▶ _Records from a dataset_:
(* Let $\varphi_A(X):=\sum_{i=1}^nA_iXA_i^*$ ($n\in\mathbb N$ or $n=\infty$) be a $w^*$-continuous completely positive linear map on $B(\mathcal H)$ with $\|\varphi_A\|\le1$, and let $\varphi_A^\infty(I):=\text{SOT-}\lim_{k\to\infty}\varphi_A^k(I)$ (which exists). Then $\ker(I-\varphi_A^\infty(I))$ and $\ker\varphi_A^\infty(I)$ are mutually orthogonal, so that $\mathcal H=\mathcal M\oplus\ker(I-\varphi_A^\infty(I))\oplus\ker\varphi_A^\infty(I)$ with $\mathcal M$ the orthogonal complement of the other two, and the subspaces $\ker(I-\varphi_A^\infty(I))$ and $\ker\varphi_A^\infty(I)$ are invariant under each $A_i^*$. If in addition $\varphi_A^\infty(I)$ is an orthogonal projection, then $\mathcal H=\ker(I-\varphi_A^\infty(I))\oplus\ker\varphi_A^\infty(I)$ and both subspaces are reducing for each $A_i$. *)

From HB Require Import structures.
From mathcomp Require Import all_boot all_order all_algebra.
From mathcomp Require Import complex.
From mathcomp Require Import reals.
Set Implicit Arguments. Unset Strict Implicit. Unset Printing Implicit Defensive.
Import Order.TTheory GRing.Theory Num.Theory.
Local Open Scope ring_scope.

Section Hilbert.
Variables (R : realType) (V : lmodType R[i]) (ip : V -> V -> R[i]).
Lemma sum_expr_noise_val :
  (1 - r) * \sum_(i < k.*2.+1) r ^+ `|noise_val i| = 1 + r - 2 * r ^+ k.+1.
Proof.
rewrite -(big_mkord xpredT (fun i => r ^+ `|i%:Z - k%:Z|)).
rewrite (big_cat_nat (n := k)) //=; last by lia.
have -> : \sum_(k <= i < k.*2.+1) r ^+ `|i%:Z - k%:Z| = \sum_(i < k.+1) r ^+ i.
  rewrite -{1}(add0n k) big_addn big_mkord.
  have -> : (k.*2.+1 - k = k.+1)%N by lia.
  by apply: eq_bigr => i _; congr (_ ^+ _); lia.
have -> : \sum_(0 <= i < k) r ^+ `|i%:Z - k%:Z| = r * \sum_(i < k) r ^+ i.
  rewrite big_nat_rev mulr_sumr -(big_mkord xpredT (fun i => r * r ^+ i)).
  by apply: eq_big_nat => i lt_ik; rewrite -exprS; congr (_ ^+ _); lia.
have geom n : (1 - r) * \sum_(i < n) r ^+ i = 1 - r ^+ n.
  by rewrite -opprB mulNr -subrX1 opprB.
by rewrite mulrDr mulrCA !geom exprS; ring.
Qed.

Lemma tgeom_norm_gt0 : 0 < r < 1 -> 0 < 1 + r - 2 * r ^+ k.+1.
Proof.
case/andP=> r_gt0 r_lt1.
have : r ^+ k.+1 <= r by rewrite exprS ger_pMr // exprn_ile1 ?ltW.
move: (r ^+ k.+1) => t; lra.
Qed.

Lemma tgeom_coef_ge0 : 0 < r < 1 -> 0 <= (1 - r) / (1 + r - 2 * r ^+ k.+1).
Proof.
by move=> r01; rewrite divr_ge0 ?ltW ?tgeom_norm_gt0 // subr_gt0; case/andP: r01.
Qed.

Lemma tgeom_pmf_ge0 (i : 'I_(k.*2.+1)) :
  0 < r < 1 -> 0 <= tgeom_pmf (1 - r) k (noise_val i).
Proof.
move=> r01; rewrite tgeom_pmf_noise_val mulr_ge0 ?tgeom_coef_ge0 // exprn_ge0 //.
by case/andP: r01 => /ltW.
Qed.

▶ _Assignment_: Please show the lines in the entries above that hold the string "apply".

▶ _Task result_:
  by apply: eq_bigr => i _; congr (_ ^+ _); lia.
  by apply: eq_big_nat => i lt_ik; rewrite -exprS; congr (_ ^+ _); lia.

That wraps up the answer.